### WHAT TO DO
Emit an exact copy of the lines running from the start of the records to the line containing "- have := sum_wt (fun=> 1).", both included.

* * * * *

Lemma in_conv_hull_int_comb (p : point) (Y : seq point) (ws : seq (point * int)) :
  uniq Y -> {subset map fst ws <= Y} -> {in ws, forall k, 0 <= k.2} ->
  0 < \sum_(k <- ws) k.2 ->
  \sum_(k <- ws) k.2 * k.1.1 = (\sum_(k <- ws) k.2) * p.1 ->
  \sum_(k <- ws) k.2 * k.1.2 = (\sum_(k <- ws) k.2) * p.2 ->
  in_conv_hull p Y.
Proof.
move=> uY wsY ws_ge0; move Wdef: (\sum_(k <- ws) k.2) => W W_gt0 comb1 comb2.
have W_neq0 : (W%:~R : rat) != 0 by rewrite intr_eq0 gt_eqF.
pose wt x : int := \sum_(k <- ws | x == k.1) k.2.
have sum_wt (f : point -> int) :
    \sum_(i < size Y) (wt (nth p Y i))%:~R / W%:~R * (f (nth p Y i))%:~R
    = (\sum_(k <- ws) k.2 * f k.1)%:~R / W%:~R :> rat.
  rewrite -(@sum_weights_uniq _ _ Y ws) //= rmorph_sum mulr_suml.
  rewrite [RHS](big_nth p) big_mkord; apply: eq_bigr => i _.
  by rewrite rmorphM /=; field.
exists (fun i => (wt (nth p Y i))%:~R / W%:~R); split; [|split; [|split]].
- move=> i _; rewrite divr_ge0 ?ler0z ?(ltW W_gt0) // /wt big_seq_cond.
  by apply: sumr_ge0 => k /andP[/ws_ge0].
- have := sum_wt (fun=> 1).
  have -> : \sum_(k <- ws) k.2 * 1 = W by rewrite -Wdef; apply: eq_bigr => k _; rewrite mulr1.
  by rewrite divff // => sum1; rewrite -[RHS]sum1; apply: eq_bigr => i _; rewrite mulr1.
- by rewrite sum_wt comb1 rmorphM /= mulrC mulKf.
- by rewrite sum_wt comb2 rmorphM /= mulrC mulKf.
Qed.

Definition orient (a b c : point) : int :=
  (b.1 - a.1) * (c.2 - a.2) - (b.2 - a.2) * (c.1 - a.1).

Lemma orient_first (a c : point) : orient a a c = 0.
Proof. by rewrite /orient !subrr !mul0r subrr. Qed.

Lemma orient_last (a c : point) : orient a c c = 0.
Proof. by rewrite /orient mulrC subrr. Qed.

(* For [a.1 < p.1 < c.1], [0 <= orient a p c] says that [p] lies on or below
   the chord [ac].  A point on or below one chord and on or above another is a
   convex combination of the two points where its vertical line meets them. *)
Lemma in_conv_hull_between (P : seq point) (p a c a' c' : point) :
  uniq P -> p \in P -> a \in P -> c \in P -> a' \in P -> c' \in P ->
  a.1 < p.1 < c.1 -> a'.1 < p.1 < c'.1 ->
  0 <= orient a p c -> orient a' p c' <= 0 -> in_conv_hull p (rem p P).
Proof.
move=> uP pP aP cP a'P c'P /andP[ap pc] /andP[a'p pc'] o_ge0 o'_le0.
have in_rem z : z \in P -> z.1 != p.1 -> z \in rem p P.
  by move=> zP zp; rewrite mem_rem_uniq // inE zP andbT; apply: contraNneq zp => ->.
have hull4 (wa wc wa' wc' : int) :
    0 <= wa -> 0 <= wc -> 0 <= wa' -> 0 <= wc' -> 0 < wa + wc + wa' + wc' ->
    wa * a.1 + wc * c.1 + wa' * a'.1 + wc' * c'.1 = (wa + wc + wa' + wc') * p.1 ->
    wa * a.2 + wc * c.2 + wa' * a'.2 + wc' * c'.2 = (wa + wc + wa' + wc') * p.2 ->
    in_conv_hull p (rem p P).
  move=> ga gc ga' gc' W_gt0 comb1 comb2.
  apply: (@in_conv_hull_int_comb _ _ [:: (a, wa); (c, wc); (a', wa'); (c', wc')]);
    rewrite ?rem_uniq ?big_cons ?big_nil ?addr0 ?addrA //=.
  - move=> z; rewrite !inE => /or4P[] /eqP ->; apply: in_rem;
      by rewrite // neq_lt ?ap ?pc ?a'p ?pc' ?orbT.
  - by move=> k; rewrite !inE => /or4P[] /eqP ->.
case: (eqVneq (orient a p c) 0) => [o_eq0|o_neq0].
  apply: (hull4 (c.1 - p.1) (p.1 - a.1) 0 0); try lia.
  move: o_eq0; rewrite /orient; nia.
have o_gt0 : 0 < orient a p c by rewrite lt_def o_neq0.
apply: (hull4 (- orient a' p c' * (c.1 - p.1)) (- orient a' p c' * (p.1 - a.1))
          (orient a p c * (c'.1 - p.1)) (orient a p c * (p.1 - a'.1)));
  by rewrite /orient in o_gt0 o'_le0 *; nia.
Qed.

Definition is_cup (Q : seq point) : Prop :=
  forall a b c : point, a \in Q -> b \in Q -> c \in Q ->
  a.1 < b.1 -> b.1 < c.1 -> 0 < orient a b c.

Definition is_cap (Q : seq point) : Prop :=
  forall a b c : point, a \in Q -> b \in Q -> c \in Q ->
  a.1 < b.1 -> b.1 < c.1 -> orient a b c < 0.

Lemma is_cup_sub (Q Q' : seq point) : {subset Q' <= Q} -> is_cup Q -> is_cup Q'.
Proof. by move=> sub cupQ a b c /sub aQ /sub bQ /sub cQ; apply: cupQ. Qed.

Lemma is_cap_sub (Q Q' : seq point) : {subset Q' <= Q} -> is_cap Q -> is_cap Q'.
Proof. by move=> sub capQ a b c /sub aQ /sub bQ /sub cQ; apply: capQ. Qed.

Lemma orientE (a b c : point) :
  orient a b c = (b.1 - a.1) * (c.2 - b.2) - (b.2 - a.2) * (c.1 - b.1).
Proof. by rewrite /orient; ring. Qed.

(* The linear form [(x, y) |-> k y + m x] with [k > 0] separates the two edge
   vectors [b - a] and [c - b], which forces the turn at [b]. *)
Lemma orient_lt0_sep (a b c : point) (k m : int) : a.1 < b.1 -> b.1 < c.1 -> 0 < k ->
  0 < k * (b.2 - a.2) + m * (b.1 - a.1) -> k * (c.2 - b.2) + m * (c.1 - b.1) < 0 ->
  orient a b c < 0.
Proof.
rewrite orientE -[a.1 < b.1]subr_gt0 -[b.1 < c.1]subr_gt0.
move: (b.1 - a.1) (b.2 - a.2) (c.1 - b.1) (c.2 - b.2) => ux uy vx vy; nia.
Qed.

Lemma orient_gt0_sep (a b c : point) (k m : int) : a.1 < b.1 -> b.1 < c.1 -> 0 < k ->
  k * (b.2 - a.2) + m * (b.1 - a.1) < 0 -> 0 < k * (c.2 - b.2) + m * (c.1 - b.1) ->
  0 < orient a b c.
Proof.
rewrite orientE -[a.1 < b.1]subr_gt0 -[b.1 < c.1]subr_gt0.
move: (b.1 - a.1) (b.2 - a.2) (c.1 - b.1) (c.2 - b.2) => ux uy vx vy; nia.
Qed.

Lemma size_le1_of_no_x_lt (Q : seq point) : uniq Q -> {in Q &, injective fst} ->
  {in Q &, forall u v, ~ u.1 < v.1} -> (size Q <= 1)%N.
Proof.
case: Q => [|u [|v Q]] //= /andP[+ _] inj no_lt; rewrite inE negb_or => /andP[uv _].
have uQ : u \in [:: u, v & Q] by rewrite mem_head.
have vQ : v \in [:: u, v & Q] by rewrite !inE eqxx orbT.
case: (ltgtP u.1 v.1) => [uv' | vu | /(inj _ _ uQ vQ) u_v].
- by case: (no_lt u v uQ vQ).
- by case: (no_lt v u vQ uQ).
- by rewrite u_v eqxx in uv.
Qed.

Lemma size_filter_predC (T : Type) (a : pred T) (s : seq T) :
  size s = (size (filter a s) + size (filter (predC a) s))%N.
Proof. by rewrite !size_filter count_predC. Qed.

(* If every slope from [A] to [B] exceeds [s] and every slope inside [A] or
   [B] is below [s], then a cup through a point of [A] has at most one point in
   [B], and a cap through a point of [B] has at most one point in [A]. *)
Section CupCapSplit.

Variables (A B : seq point) (s : int).
Hypothesis A_left_B : forall a b : point, a \in A -> b \in B ->
  a.1 < b.1 /\ s * (b.1 - a.1) < b.2 - a.2.
Hypotheses (injA : {in A &, injective fst}) (injB : {in B &, injective fst}).
Hypothesis flatA : {in A &, forall p q : point, p.1 < q.1 -> q.2 - p.2 < s * (q.1 - p.1)}.
Hypothesis flatB : {in B &, forall p q : point, p.1 < q.1 -> q.2 - p.2 < s * (q.1 - p.1)}.

Variables (Q : seq point) (m : nat).
Hypotheses (uQ : uniq Q) (QAB : {subset Q <= A ++ B}).

Let QA := filter (mem A) Q.
Let QB := filter (predC (mem A)) Q.

Let sizeQ : size Q = (size QA + size QB)%N. Proof. exact: size_filter_predC. Qed.
Let QA_sub : {subset QA <= Q}. Proof. by move=> x; rewrite mem_filter => /andP[]. Qed.
Let QB_sub : {subset QB <= Q}. Proof. by move=> x; rewrite mem_filter => /andP[]. Qed.
Let QA_A : {subset QA <= A}. Proof. by move=> x; rewrite mem_filter => /andP[]. Qed.
Let QB_B : {subset QB <= B}.
Proof.
by move=> x; rewrite mem_filter => /andP[/= xA /QAB]; rewrite mem_cat (negbTE xA).
Qed.

Lemma cup_split_size :
  (forall Q', uniq Q' -> {subset Q' <= A} -> is_cup Q' -> (size Q' <= m)%N) ->
  (forall Q', uniq Q' -> {subset Q' <= B} -> is_cup Q' -> (size Q' <= m.+1)%N) ->
  is_cup Q -> (size Q <= m.+1)%N.
Proof.
move=> cupA cupB cupQ.
have cup_sub Q' : {subset Q' <= Q} -> is_cup Q' by move/is_cup_sub; apply.
case EA: QA => [|a QA'].
  by rewrite sizeQ EA; apply: cupB (filter_uniq _ uQ) QB_B (cup_sub _ QB_sub).
have aQA : a \in QA by rewrite EA mem_head.
suff : (size QB <= 1)%N.
  by rewrite sizeQ; have := cupA QA (filter_uniq _ uQ) QA_A (cup_sub _ QA_sub); lia.
apply: size_le1_of_no_x_lt; rewrite ?filter_uniq //.
  by move=> u v /QB_B uB /QB_B vB; apply: injB.
move=> u v uQB vQB uv; have [au steep_au] := A_left_B (QA_A aQA) (QB_B uQB).
have := cupQ _ _ _ (QA_sub aQA) (QB_sub uQB) (QB_sub vQB) au uv.
apply/negP; rewrite -leNgt; apply/ltW/(@orient_lt0_sep _ _ _ 1 (- s)) => //.
  by rewrite mul1r mulNr subr_gt0.
by rewrite mul1r mulNr subr_lt0; apply: flatB => //; apply: QB_B.
Qed.

Lemma cap_split_size :
  (forall Q', uniq Q' -> {subset Q' <= A} -> is_cap Q' -> (size Q' <= m.+1)%N) ->
  (forall Q', uniq Q' -> {subset Q' <= B} -> is_cap Q' -> (size Q' <= m)%N) ->
  is_cap Q -> (size Q <= m.+1)%N.
Proof.
move=> capA capB capQ.
have cap_sub Q' : {subset Q' <= Q} -> is_cap Q' by move/is_cap_sub; apply.
case EB: QB => [|b QB'].
  by rewrite sizeQ EB addn0; apply: capA (filter_uniq _ uQ) QA_A (cap_sub _ QA_sub).
have bQB : b \in QB by rewrite EB mem_head.
suff : (size QA <= 1)%N.
  by rewrite sizeQ; have := capB QB (filter_uniq _ uQ) QB_B (cap_sub _ QB_sub); lia.
apply: size_le1_of_no_x_lt; rewrite ?filter_uniq //.
  by move=> u v /QA_A uA /QA_A vA; apply: injA.
move=> u v uQA vQA uv; have [vb steep_vb] := A_left_B (QA_A vQA) (QB_B bQB).
have := capQ _ _ _ (QA_sub uQA) (QA_sub vQA) (QB_sub bQB) uv vb.
apply/negP; rewrite -leNgt; apply/ltW/(@orient_gt0_sep _ _ _ 1 (- s)) => //.
  by rewrite mul1r mulNr subr_lt0; apply: flatA => //; apply: QA_A.
by rewrite mul1r mulNr subr_gt0.
Qed.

* * * * *

### OUTPUT OF THE TASK
Lemma in_conv_hull_int_comb (p : point) (Y : seq point) (ws : seq (point * int)) :
  uniq Y -> {subset map fst ws <= Y} -> {in ws, forall k, 0 <= k.2} ->
  0 < \sum_(k <- ws) k.2 ->
  \sum_(k <- ws) k.2 * k.1.1 = (\sum_(k <- ws) k.2) * p.1 ->
  \sum_(k <- ws) k.2 * k.1.2 = (\sum_(k <- ws) k.2) * p.2 ->
  in_conv_hull p Y.
Proof.
move=> uY wsY ws_ge0; move Wdef: (\sum_(k <- ws) k.2) => W W_gt0 comb1 comb2.
have W_neq0 : (W%:~R : rat) != 0 by rewrite intr_eq0 gt_eqF.
pose wt x : int := \sum_(k <- ws | x == k.1) k.2.
have sum_wt (f : point -> int) :
    \sum_(i < size Y) (wt (nth p Y i))%:~R / W%:~R * (f (nth p Y i))%:~R
    = (\sum_(k <- ws) k.2 * f k.1)%:~R / W%:~R :> rat.
  rewrite -(@sum_weights_uniq _ _ Y ws) //= rmorph_sum mulr_suml.
  rewrite [RHS](big_nth p) big_mkord; apply: eq_bigr => i _.
  by rewrite rmorphM /=; field.
exists (fun i => (wt (nth p Y i))%:~R / W%:~R); split; [|split; [|split]].
- move=> i _; rewrite divr_ge0 ?ler0z ?(ltW W_gt0) // /wt big_seq_cond.
  by apply: sumr_ge0 => k /andP[/ws_ge0].
- have := sum_wt (fun=> 1).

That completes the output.